通过指针算术访问数组值与 C 中的下标访问数组值
我一直读到,在 C 语言中,使用指针算术通常比数组访问的下标更快。 即使对于现代(据称是优化的)编译器也是如此吗?
如果是这样,当我开始从学习 C 转向 Objective-C 和 Cocoa?
在 C 和 Objective-C 中,哪种是数组访问的首选编码风格? (由各自语言的专业人士认为)哪一个更清晰、更“正确”(因为缺乏更好的术语)?
I keep reading that, in C, using pointer arithmetic is generally faster than subscripting for array access. Is this true even with modern (supposedly-optimizing) compilers?
If so, is this still the case as I begin to move away from learning C into Objective-C and Cocoa on Macs?
Which is the preferred coding style for array access, in both C and Objective-C? Which is considered (by professionals of their respective languages) more legible, more "correct" (for lack of a better term)?
如果你对这篇内容有疑问,欢迎到本站社区发帖提问 参与讨论,获取更多帮助,或者扫码二维码加入 Web 技术交流群。
绑定邮箱获取回复消息
由于您还没有绑定你的真实邮箱,如果其他用户或者作者回复了您的评论,将不能在第一时间通知您!
发布评论
评论(11)
,无论哪种方式都是相同的操作。下标是将(元素大小*索引)添加到数组的起始地址的语法糖。
也就是说,当迭代数组中的元素时,获取指向第一个元素的指针并增加每次通过循环通常会比每次从循环变量计算当前元素的位置稍快一些(尽管这在现实应用程序中并不重要。首先检查您的算法,过早优化是根源。所有邪恶等等)
Nah. It's the same operation either way. Subscripting is syntactic sugar for adding (element size * index) to the array's start address.
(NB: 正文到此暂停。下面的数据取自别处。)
(* Let $k>0$, $\delta(t)=\tfrac12e^{-t}+\tfrac12e^{-2t}$, $g_2\equiv0$ and $g_1(a)=-\frac14a^4+ka^3-k^2a^2-\frac34a-1$. Then in the continuous-time two-state model, $Q^*\sim(0,0)$ is a weak equilibrium but not a strong equilibrium. Moreover, for every sufficiently small $h>0$, the transition matrix $u^*\sim(0,0)$ (the identity matrix) is an equilibrium of the discrete-time problem $V^h(i,u)=\mathbb E_{i,u}[\sum_{n=0}^\infty\kappa^h(n,Y_n,u_{Y_n})]$ over all $2\times2$ transition matrices, where $\kappa^h(n,1,u_1)=\delta(nh)g_1(\alpha/h)h$ and $\kappa^h(n,2,u_2)=\delta(nh)g_2(\beta/h)h\equiv0$ for $u\sim(\alpha,\beta)$; consequently the associated generators $(u^*-I)/h\sim(0,0)$ converge to the weak but not strong equilibrium $Q^*$.
   Context: Two-state continuous-time model: $S=\{1,2\}$, admissible rows unrestricted, so every generator has the form $Q=\begin{pmatrix}-a&a\\ b&-b\end{pmatrix}$, $a,b\ge0$, written $Q\sim(a,b)$; payoff $f(t,1,(-a,a))=\delta(t)g_1(a)$, $f(t,2,(b,-b))=\delta(t)g_2(b)$; $F(i,Q)=\mathbb E_{i,Q}[\int_0^\infty f(t,X_t,Q_{X_t})dt]$ for the chain $X$ with generator $Q$; $Q\otimes_\varepsilon Q'$ uses $Q$ on $[0,\varepsilon]$ and $Q'$ afterwards. $Q^*$ is a weak equilibrium if $\liminf_{\varepsilon\downarrow0}\varepsilon^{-1}(F(i,Q^* )-F(i,Q\otimes_\varepsilon Q^* ))\ge0$ for all $Q,i$; a strong equilibrium if for every $i,Q$ there is $\varepsilon>0$ with $F(i,Q^* )\ge F(i,Q\otimes_{\varepsilon'}Q^* )$ for all $0<\varepsilon'\le\varepsilon$. Discrete time: a transition matrix $u=\begin{pmatrix}1-\alpha&\alpha\\ \beta&1-\beta\end{pmatrix}$, $\alpha,\beta\in[0,1]$, is written $u\sim(\alpha,\beta)$; $Y$ is the discrete-time chain with transition matrix $u$; $u\otimes_1u^*$ uses $u$ at time $0$ and $u^*$ afterwards; $u^*$ is an equilibrium of $V^h$ if $V^h(i,u^* )\ge V^h(i,u\otimes_1u^* )$ for all $i\in S$ and all transition matrices $u$. *)

From Stdlib Require Import Reals Lra ClassicalEpsilon.
Open Scope R_scope.

Inductive state := S1 | S2.

(** A 2x2 generator Q = [[-a, a],[b, -b]] is encoded by (a,b): Q ~ (a,b).
    The same record encodes a transition matrix u = [[1-al, al],[be, 1-be]],
    u ~ (al, be). *)
Record gen := mkGen { ga : R; gb : R }.

Definition admissible_gen (Q : gen) : Prop := 0 <= ga Q /\ 0 <= gb Q.
Definition stochastic (u : gen) : Prop :=
  0 <= ga u <= 1 /\ 0 <= gb u <= 1.

(** P(X_0 = 1) for the chain started at i. *)
Definition init1 (i : state) : R := match i with S1 => 1 | S2 => 0 end.

(** P(X_t = 1) for the homogeneous chain with generator Q ~ (a,b) and
    P(X_0 = 1) = p0, i.e. the first component of p(0) exp(tQ):
    p(t) = b/(a+b) + (p0 - b/(a+b)) e^{-(a+b)t}  (and p(t) = p0 if a+b = 0). *)
Definition prob1 (Q : gen) (p0 t : R) : R :=
  let s := ga Q + gb Q in
  if Req_dec_T s 0 then p0 else gb Q / s + (p0 - gb Q / s) * exp (- s * t).

Definition gen_concat (Q : gen) (eps : R) (Q' : gen) (t : R) : gen :=
  if Rle_dec t eps then Q else Q'.

Definition prob1_concat (Q : gen) (eps : R) (Q' : gen) (p0 t : R) : R :=
  if Rle_dec t eps then prob1 Q p0 t else prob1 Q' (prob1 Q p0 eps) (t - eps).

(** E[f(t, X_t, Q_{X_t})] with f(t,1,(-a,a)) = delta t * g1 a,
    f(t,2,(b,-b)) = delta t * g2 b, for a time-dependent generator Qt and
    p t = P(X_t = 1). *)
Definition exp_payoff (delta g1 g2 : R -> R) (Qt : R -> gen) (p : R -> R)
  (t : R) : R :=
  delta t * (p t * g1 (ga (Qt t)) + (1 - p t) * g2 (gb (Qt t))).

Definition improper_int_is (f : R -> R) (a l : R) : Prop :=
  (forall b, a <= b -> inhabited (Riemann_integrable f a b)) /\
  forall eps, 0 < eps -> exists B, forall b (pr : Riemann_integrable f a b),
      B <= b -> Rabs (RiemannInt pr - l) < eps.

Definition improper_int (f : R -> R) (a : R) : R :=
  epsilon (inhabits 0) (fun l => improper_int_is f a l).

Definition Fc (delta g1 g2 : R -> R) (i : state) (Q : gen) : R :=
  improper_int (exp_payoff delta g1 g2 (fun _ => Q)
                  (fun t => prob1 Q (init1 i) t)) 0.

Definition Fc_concat (delta g1 g2 : R -> R) (i : state) (Q : gen) (eps : R)
  (Q' : gen) : R :=
  improper_int (exp_payoff delta g1 g2 (gen_concat Q eps Q')
                  (prob1_concat Q eps Q' (init1 i))) 0.

(** Weak equilibrium:
    liminf_{eps -> 0+} (F(i,Qs) - F(i, Q (x)_eps Qs)) / eps >= 0
    for all admissible Q and all i. *)
Definition weak_equilibrium (delta g1 g2 : R -> R) (Qs : gen) : Prop :=
  admissible_gen Qs /\
  forall (Q : gen) (i : state), admissible_gen Q ->
    forall eta, 0 < eta -> exists d, 0 < d /\
      forall eps, 0 < eps < d ->
        - eta <= (Fc delta g1 g2 i Qs - Fc_concat delta g1 g2 i Q eps Qs) / eps.

Definition strong_equilibrium (delta g1 g2 : R -> R) (Qs : gen) : Prop :=
  admissible_gen Qs /\
  forall (Q : gen) (i : state), admissible_gen Q ->
    exists eps, 0 < eps /\
      forall eps', 0 < eps' <= eps ->
        Fc delta g1 g2 i Qs >= Fc_concat delta g1 g2 i Q eps' Qs.

(** Discrete time.  A (possibly time-dependent) policy is a sequence of
    transition matrices pol n ~ (alpha_n, beta_n); P(Y_n = 1): *)
Fixpoint dprob1 (pol : nat -> gen) (p0 : R) (n : nat) : R :=
  match n with
  | O => p0
  | S m => let p := dprob1 pol p0 m in
           p * (1 - ga (pol m)) + (1 - p) * gb (pol m)
  end.

Definition kappa1 (delta g1 : R -> R) (h : R) (n : nat) (u : gen) : R :=
  delta (INR n * h) * g1 (ga u / h) * h.
Definition kappa2 (delta g2 : R -> R) (h : R) (n : nat) (u : gen) : R :=
  delta (INR n * h) * g2 (gb u / h) * h.

Definition dterm (delta g1 g2 : R -> R) (h : R) (pol : nat -> gen) (i : state)
  (n : nat) : R :=
  let p := dprob1 pol (init1 i) n in
  p * kappa1 delta g1 h n (pol n) + (1 - p) * kappa2 delta g2 h n (pol n).

Definition Vh (delta g1 g2 : R -> R) (h : R) (i : state) (pol : nat -> gen) : R :=
  epsilon (inhabits 0) (fun l => infinite_sum (dterm delta g1 g2 h pol i) l).

Definition pol_concat1 (u u' : gen) (n : nat) : gen :=
  match n with O => u | S _ => u' end.

Definition disc_equilibrium (delta g1 g2 : R -> R) (h : R) (us : gen) : Prop :=
  stochastic us /\
  forall (u : gen) (i : state), stochastic u ->
    Vh delta g1 g2 h i (fun _ => us) >= Vh delta g1 g2 h i (pol_concat1 u us).

From Stdlib Require Import Reals Lra ClassicalEpsilon.
From Coquelicot Require Import Coquelicot.
Open Scope R_scope.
That said, when iterating over the elements in an array, taking a pointer to the first element and increasing it each time through the loop will usually be slightly faster than calculating the current element's position from the loop variable each time. (Though it is unusual for this to matter much in a real life application. Examine your algorithm first, premature optimisation is the root of all evil, etc etc)
这可能有点偏离主题(抱歉),因为它没有回答您有关执行速度的问题,但您应该考虑到过早的优化是万恶之源 (Knuth)。 在我看来,特别是当仍在(重新)学习这门语言时,无论如何首先要以最容易阅读的方式编写它。
然后,如果您的程序运行正确,请考虑优化速度。
无论如何,大多数时候你的编码速度都会足够快。
This might be a bit off topic (sorry) because it doesn't answer your question regarding execution speed, but you should consider that premature optimization is the root of all evil (Knuth). In my opinion, specially when still (re)learning the language, by all means write it the way it is easiest to read first.
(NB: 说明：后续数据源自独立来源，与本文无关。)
Lemma dist_step u v : u < nverts (rcons s j) -> v < nverts (rcons s j) ->
  dist (rcons s j) u v =
  if nth false (marks st') u == nth false (marks st') v
  then dist (part st' (nth false (marks st') u)) (rank (marks st') u) (rank (marks st') v)
  else depth (rcons s j) u + depth (rcons s j) v.
Proof.
move=> hu hv; wlog huv : u v hu hv / u <= v.
  move=> H; case: (leqP u v) => [|/ltnW] huv; first exact: H.
  rewrite dist_sym H // eq_sym; case: eqP => [->|_]; [exact: dist_sym|exact: addnC].
rewrite marks_step; case: (old_or_new v hv) => [hv'|->].
  have hu' : u <= size s by lia.
  rewrite dist_rcons_old // !nth_step_old // !rank_step_old // !depth_rcons_old //.
  rewrite (splits_dist hst) ?ltnS //; case: eqP => // e.
  by rewrite dist_part_old ?rank_le // e rank_le.
case: (old_or_new u hu) => [hu'|->]; last by rewrite !dist_refl eqxx.
rewrite dist_rcons_new // nth_step_old // nth_step_new rank_step_old // rank_step_new.
rewrite (splits_dist hst) ?ltnS //; case: eqP => [e|_].
  by rewrite e dist_part_new // -e rank_le.
by rewrite depth_rcons_old // depth_rcons_new // addnS.
Qed.

Lemma anc1_step u : u < nverts (rcons s j) ->
  (1 \in anc (rcons s j) u) = nth false (marks st') u.
Proof.
rewrite marks_step => /old_or_new [hu|->].
  by rewrite anc_rcons_old // nth_step_old // (splits_anc1 hst).
rewrite anc_rcons_new // nth_step_new in_cons (splits_anc1 hst) ?ltnS //.
by case: (size s) s_gt0.
Qed.

Lemma splits_step : splits (rcons s j) st'.
Proof.
split; [move=> b| |move=> b|exact: depth_step|exact: dist_step|exact: anc1_step].
- rewrite part_step; case: eqP => [->|_]; last exact: (splits_tree hst).
  exact: tree_seq_rcons (splits_tree hst c) rank_le_step.
- by rewrite marks_step size_rcons size_marks /nverts size_rcons.
- rewrite part_step marks_step count_rcons -(splits_nverts hst) /=.
  by rewrite eq_sym; case: eqP => _; rewrite /nverts ?size_rcons ?addn1 ?addn0.
Qed.

End SplitStep.

Lemma splits_split_tree {k s} : s \in trees_aux k.+1 -> splits s (split_tree s).
Proof.
elim: k s => [|k IH] _ /trees_aux_rcons [s [j [hs hj ->]]].
  by move: hs hj; rewrite inE leqn0 => /eqP -> /eqP ->; exact: splits_base.
have [hsz htree] := mem_trees_aux hs.
rewrite split_tree_rcons -?size_eq0 ?hsz //.
by apply: splits_step; rewrite ?hsz //; exact: IH.
Qed.

Section SplitStatistics.
Context {s : seq nat} {st : split_state}.
Hypothesis hst : splits s st.

Local Notation bs := (marks st).

Lemma nverts_marks : nverts s = size bs.
Proof. by rewrite (splits_size hst). Qed.

Lemma sum_vdepth c :
  \sum_(0 <= k < count_mem c bs) vdepth st c k = Tlen (part st c) + count_mem c bs * c.
Proof. by rewrite -(splits_nverts hst) big_split /= sum_nat_const_nat subn0. Qed.

Lemma Tlen_splits :
  Tlen s = Tlen (part st false) + Tlen (part st true) + count_mem true bs.
Proof.
rewrite /Tlen nverts_marks (eq_big_nat _ _ (F2 := fun u => vdepth st (nth false bs u) (rank bs u))).
  by rewrite (@sum_marks _ _ addn) /= !sum_vdepth muln0 muln1 addn0 addnA.
by move=> u /andP [_ hu]; rewrite (splits_depth hst) // nverts_marks.
Qed.

(* Twice the Wiener index is the sum of the distances over ordered pairs;
   pairs within a part give its Wiener index, pairs across the cut give sums
   of depths. *)
Lemma Wien_splits :
  Wien s = Wien (part st false) + count_mem true bs * Tlen (part st false)
         + Wien (part st true) + count_mem false bs * Tlen (part st true)
         + count_mem true bs * count_mem false bs.
Proof.
set a := count_mem false bs; set m := count_mem true bs.
pose G b r c k := if b == c then dist (part st c) r k else vdepth st b r + vdepth st c k.
have pairs u v : u < size bs -> v < size bs ->
    dist s u v = G (nth false bs u) (rank bs u) (nth false bs v) (rank bs v).
  move=> hu hv; rewrite -nverts_marks in hu hv.
  rewrite (splits_dist hst) // /G; case: eqP => [->|_] //.
  by rewrite !(splits_depth hst).
have Wien_part c : 2 * Wien (part st c) =
    \sum_(0 <= k < count_mem c bs) \sum_(0 <= i < count_mem c bs) dist (part st c) k i.
  by rewrite -(splits_nverts hst) sum_ordered_pairs //; [exact: dist_sym|exact: dist_refl].
apply/eqP; rewrite -(eqn_pmul2l (isT : 0 < 2)) -sum_ordered_pairs; last 2 first.
- exact: dist_sym.
- exact: dist_refl.
rewrite nverts_marks (eq_big_nat _ _ (F2 := fun u =>
   \sum_(0 <= i < a) G (nth false bs u) (rank bs u) false i +
   \sum_(0 <= i < m) G (nth false bs u) (rank bs u) true i)); last first.
  move=> u /andP [_ hu]; rewrite -(@sum_marks _ _ addn); apply: eq_big_nat => v /andP [_ hv].
  exact: pairs.
rewrite (@sum_marks _ _ addn bs (fun b r =>
  \sum_(0 <= i < a) G b r false i + \sum_(0 <= i < m) G b r true i)).
rewrite /G /= !big_split /= !sum_cross -/a -/m -!Wien_part !sum_vdepth.
by apply/eqP; rewrite /= -/a -/m !muln0 !muln1 !addn0; ring.
Qed.

Lemma subsize1_splits : subsize1 s = count_mem true bs.
Proof.
rewrite /subsize1 -[in RHS](mkseq_nth false bs) /mkseq count_map nverts_marks.
apply: eq_in_count => v; rewrite mem_iota add0n => /andP [_ hv] /=.
by rewrite eqb_id (splits_anc1 hst) // nverts_marks.
Qed.

End SplitStatistics.

Local Open Scope ring_scope.

Lemma sum_select (R : pzSemiRingType) (T : eqType) (ps : seq T) (f : T -> nat)
    (c : T -> R) (X : nat -> R) lo hi :
  (forall p, p \in ps -> lo <= f p < hi)%N ->
  \sum_(lo <= m < hi) (\sum_(p <- ps) c p * (f p == m)%:R) * X m =
  \sum_(p <- ps) c p * X (f p).
Proof.
move=> hf; under eq_bigr do rewrite mulr_suml; rewrite exchange_big /=.
apply: eq_big_seq => p hp; rewrite (bigD1_seq (f p)) ?mem_index_iota ?hf ?iota_uniq //=.
rewrite eqxx mulr1 big1 ?addr0 // => m /negPf; rewrite eq_sym => ->.
by rewrite mulr0 mul0r.
Qed.

Section HoppeWeight.
Context {R : realFieldType} {w : R}.
Hypothesis w_gt0 : 0 < w.

Lemma weight_rcons s j :
  weight w (rcons s j) = weight w s * ((if j == 0%N then w else 1) / (w + (size s)%:R)).
Proof.
rewrite /weight size_rcons big_ord_recr /= nth_rcons ltnn eqxx.
congr (_ * _); last by case: (j == 0%N).
by apply: eq_bigr => i _; rewrite nth_rcons ltn_ord.
Qed.

Lemma weight_denom_neq0 k : w + k%:R != 0.
Proof. by rewrite lt0r_neq0 // ltr_wpDr. Qed.

(* The growth step of the Hoppe tree: vertex k + 1 is attached to the root
   with weight w and to each other vertex with weight 1, out of w + k. *)
Lemma sum_trees_extend k (F : seq nat -> R) :
  (w + k%:R) * \sum_(s <- trees_aux k.+1) weight w s * F s =
  \sum_(s <- trees_aux k) weight w s *
     \sum_(0 <= i < k.+1) (if i == 0%N then w else 1) * F (rcons s i).
Proof.
rewrite big_trees_aux mulr_sumr; apply: eq_big_seq => s /mem_trees_aux [hsz _].
rewrite !mulr_sumr; apply: eq_bigr => i _; rewrite weight_rcons hsz.
by field; rewrite weight_denom_neq0.
Qed.

Lemma weight_sum k : \sum_(s <- trees_aux k) weight w s = 1.
Proof.
elim: k => [|k IH]; first by rewrite big_seq1 /weight big_ord0.
have attach : \sum_(0 <= i < k.+1) (if i == 0%N then w else 1) * 1 = w + k%:R.
  rewrite big_ltn // eqxx mulr1 big_nat_cond (eq_bigr (fun=> 1)).
    by rewrite -big_nat_cond sumr_const_nat subSS subn0.
  by case=> [|i] //=; rewrite mulr1.
apply: (mulfI (weight_denom_neq0 k)); rewrite mulr1.
transitivity ((w + k%:R) * \sum_(s <- trees_aux k.+1) weight w s * (fun=> 1) s).
  by congr (_ * _); apply: eq_bigr => s _; rewrite mulr1.
rewrite sum_trees_extend (eq_bigr (fun s => weight w s * (w + k%:R))) => [|s _].
  by rewrite -big_distrl /= IH mul1r.
by rewrite attach.
Qed.

End HoppeWeight.

Section MarkLaw.
Context {R : realFieldType} {theta : R}.
Hypothesis theta_gt0 : 0 < theta.

(* Mean of H(T1, T2) for independent T1 ~ Hoppe tree with parameter theta on
   a vertices and T2 ~ random recursive tree on m vertices. *)
Definition mean_pair (a m : nat) (H : seq nat -> seq nat -> R) : R :=
  \sum_(s1 <- trees_aux a.-1) weight theta s1 * \sum_(s2 <- trees_aux m.-1) weight 1 s2 * H s1 s2.

Lemma eq_mean_pair {a m F G} : (forall s1 s2, F s1 s2 = G s1 s2) ->
  mean_pair a m F = mean_pair a m G.
Proof.
by move=> FG; apply: eq_bigr => s1 _; congr (_ * _); apply: eq_bigr => s2 _; rewrite FG.
Qed.

Lemma mean_pairD a m F G :
  mean_pair a m (fun s1 s2 => F s1 s2 + G s1 s2) = mean_pair a m F + mean_pair a m G.
Proof.
rewrite -big_split; apply: eq_bigr => s1 _ /=; rewrite -mulrDr -big_split /=.
by congr (_ * _); apply: eq_bigr => s2 _; rewrite mulrDr.
Qed.

Lemma mean_pair_const a m c : mean_pair a m (fun _ _ => c) = c.
Proof.
have inner : \sum_(s2 <- trees_aux m.-1) weight 1 s2 * c = c.
  by rewrite -big_distrl /= weight_sum ?ltr01 // mul1r.
rewrite /mean_pair (eq_bigr _ (fun s1 _ => congr1 _ inner)).
by rewrite -big_distrl /= weight_sum // mul1r.
Qed.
Then, if your program runs correct, consider optimizing speed.
Most of the time you code will be fast enough anyway.
Mecki 有一个很好的解释。 根据我的经验,索引与指针最重要的事情之一是循环中的其他代码。 示例:
在基于 Core 2 的快速系统(g++ 4.1.2、x64)上,时序如下:
有时索引更快,有时指针算术更快。 这取决于 CPU 和编译器如何管道化循环执行。
Mecki has a great explanation. From my experience, one of the things that often matters with indexing vs. pointers is what other code sits in the loop. Example:
On a fast Core 2-based system (g++ 4.1.2, x64), here's the timing:
Sometimes indexing is faster, sometimes pointer arithmetic is. It depends on the how the CPU and compiler are able to pipeline the loop execution.
如果您正在处理数组类型数据,我会说使用下标会使代码更具可读性。 在今天的机器上(特别是对于像这样简单的东西),可读的代码更为重要。
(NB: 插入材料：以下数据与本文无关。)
Lemma continuous_linear_along_line (t : R) :
  (forall v, continuous (fun s => b s v) t) -> continuous (fun s => b s (line p d s)) t.
Proof.
  intros Hcont.
  apply continuous_ext with (fun s => b s p + s * b s d).
  { intros s; symmetry; apply linear_line, b_linear. }
  apply (continuous_plus (V := R_NormedModule) (fun s => b s p)); [apply Hcont |].
  apply (continuous_mult (K := R_AbsRing) (fun s => s)); [apply continuous_id | apply Hcont].
Qed.

End LinearAlongLine.

Lemma trapezoidal_rule_error (f f1 f2 f3 : R -> R) :
  (forall t, 0 <= t <= 1 -> is_derive f t (f1 t)) ->
  (forall t, 0 <= t <= 1 -> is_derive f1 t (f2 t)) ->
  (forall t, 0 <= t <= 1 -> is_derive f2 t (f3 t)) ->
  (forall t, 0 <= t <= 1 -> continuous f3 t) ->
  f 1 - f 0 = / 2 * (f1 0 + f1 1) + / 2 * RInt (fun s => f3 s * (s * (s - 1))) 0 1.
Proof.
  intros Hf Hf1 Hf2 Hf3.
  (* An antiderivative of [f3 s * (s * (s - 1))], from integrating by parts twice. *)
  set (F t := f2 t * (t * (t - 1)) - f1 t * (2 * t - 1) + 2 * f t).
  assert (HF : forall t, 0 <= t <= 1 -> is_derive F t (f3 t * (t * (t - 1)))).
  { intros t Ht. eapply is_derive_value_eq.
    - apply (is_derive_Rplus (fun t => f2 t * (t * (t - 1)) - f1 t * (2 * t - 1))
                            (fun t => 2 * f t)).
      + apply (is_derive_Rminus (fun t => f2 t * (t * (t - 1))) (fun t => f1 t * (2 * t - 1))).
        * apply Derive.is_derive_mult; [now apply Hf2 | auto_derive; auto].
        * apply Derive.is_derive_mult; [now apply Hf1 | auto_derive; auto].
      + apply is_derive_scal; now apply Hf.
    - cbv beta. ring. }
  assert (HI : is_RInt (fun s => f3 s * (s * (s - 1))) 0 1 (minus (F 1) (F 0))).
  { apply (is_RInt_derive (V := R_CompleteNormedModule) F).
    - rewrite Rmin_left, Rmax_right by lra. exact HF.
    - rewrite Rmin_left, Rmax_right by lra. intros t Ht.
      apply (continuous_mult (K := R_AbsRing) f3 (fun s => s * (s - 1))); [now apply Hf3 |].
      apply (ex_derive_continuous (K := R_AbsRing) (V := R_NormedModule)). auto_derive; auto. }
  rewrite (is_RInt_unique _ _ _ _ HI). unfold F, minus, plus, opp; simpl. field.
Qed.

Section LagrangianAlongSegment.

Context {U V : NormedModule R_AbsRing}.
Variables (A : U -> V -> R) (A1 : U -> U -> V -> R) (A2 : U -> U -> U -> V -> R)
  (A3 : U -> U -> U -> U -> V -> R)
  (J : U -> R) (J1 : U -> U -> R) (J2 : U -> U -> U -> R) (J3 : U -> U -> U -> U -> R).
Hypotheses (HAlin : forall w, is_linear (A w))
  (HA1lin : forall w phi, is_linear (A1 w phi))
  (HA2lin : forall w phi psi, is_linear (A2 w phi psi))
  (HA3lin : forall w phi psi chi, is_linear (A3 w phi psi chi))
  (HA1 : forall w v, filterdiff (fun w' => A w' v) (locally w) (fun phi => A1 w phi v))
  (HA2 : forall w phi v,
      filterdiff (fun w' => A1 w' phi v) (locally w) (fun psi => A2 w phi psi v))
  (HA3 : forall w phi psi v,
      filterdiff (fun w' => A2 w' phi psi v) (locally w) (fun chi => A3 w phi psi chi v))
  (HA3c : forall w phi psi chi v, continuous (fun w' => A3 w' phi psi chi v) w)
  (HJ1 : forall w, filterdiff J (locally w) (J1 w))
  (HJ2 : forall w phi, filterdiff (fun w' => J1 w' phi) (locally w) (J2 w phi))
  (HJ3 : forall w phi psi,
      filterdiff (fun w' => J2 w' phi psi) (locally w) (J3 w phi psi))
  (HJ3c : forall w phi psi chi, continuous (fun w' => J3 w' phi psi chi) w).
Variables (ut u : U) (zt z : V).

Let e := minus u ut.
Let es := minus z zt.

Lemma is_derive_form_along_segment (B : U -> V -> R) (DB : U -> U -> V -> R) (t : R) :
  (forall x, is_linear (B x)) -> is_linear (DB (line ut e t) e) ->
  (forall x v, filterdiff (fun x' => B x' v) (locally x) (fun phi => DB x phi v)) ->
  is_derive (fun s => B (line ut e s) (line zt es s)) t
    (DB (line ut e t) e (line zt es t) + B (line ut e t) es).
Proof.
  intros B_linear DB_linear HB.
  apply (is_derive_linear_along_line (fun s => B (line ut e s)) zt es (fun s => B_linear _)
           (fun s => DB (line ut e s) e)); [exact DB_linear |].
  intros v; apply (is_derive_along_line (fun x => B x v) (fun x phi => DB x phi v)).
  intros x; apply HB.
Qed.

Let lag t := J (line ut e t) - A (line ut e t) (line zt es t).
Let lag1 t := J1 (line ut e t) e - (A1 (line ut e t) e (line zt es t) + A (line ut e t) es).
Let lag2 t := J2 (line ut e t) e e
  - (A2 (line ut e t) e e (line zt es t) + 2 * A1 (line ut e t) e es).
Let lag3 t := J3 (line ut e t) e e e
  - (A3 (line ut e t) e e e (line zt es t) + 3 * A2 (line ut e t) e e es).

Lemma is_derive_lag t : is_derive lag t (lag1 t).
Proof.
  apply is_derive_Rminus.
  - apply is_derive_along_line, HJ1.
  - apply is_derive_form_along_segment; auto.
Qed.

Lemma is_derive_lag1 t : is_derive lag1 t (lag2 t).
Proof.
  eapply is_derive_value_eq.
  - apply is_derive_Rminus; [| apply is_derive_Rplus].
    + apply (is_derive_along_line (fun x => J1 x e) (fun x => J2 x e)).
      intros x; apply HJ2.
    + apply (is_derive_form_along_segment (fun x => A1 x e) (fun x => A2 x e)); auto.
    + apply (is_derive_along_line (fun x => A x es) (fun x phi => A1 x phi es)).
      intros x; apply HA1.
  - unfold lag2; ring.
Qed.

Lemma is_derive_lag2 t : is_derive lag2 t (lag3 t).
Proof.
  eapply is_derive_value_eq.
  - apply is_derive_Rminus; [| apply is_derive_Rplus].
    + apply (is_derive_along_line (fun x => J2 x e e) (fun x => J3 x e e)).
      intros x; apply HJ3.
    + apply (is_derive_form_along_segment (fun x => A2 x e e) (fun x => A3 x e e)); auto.
    + apply is_derive_scal.
      apply (is_derive_along_line (fun x => A1 x e es) (fun x phi => A2 x e phi es)).
      intros x; apply HA2.
  - unfold lag3; ring.
Qed.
现在,如果您正在显式处理您 malloc() 的一大块数据,并且您想要获取该数据内的指针,例如音频文件头内的 20 个字节,那么我认为地址算术更清楚地表达了您的意思试图做。
我不确定这方面的编译器优化,但即使下标速度较慢,最多也只会慢几个时钟周期。 当您可以从清晰的思路中获得更多收益时,这几乎没有什么意义。编辑:根据其他一些回复,下标只是一个句法元素,对性能没有影响,就像我想象的那样。 在这种情况下,一定要使用您试图通过指针指向的块内的访问数据来表达的任何上下文。
If you're dealing with array-type data, I'd say using subscripts makes the code more readable. On today's machines (especially for something simple like this), readable code is more important.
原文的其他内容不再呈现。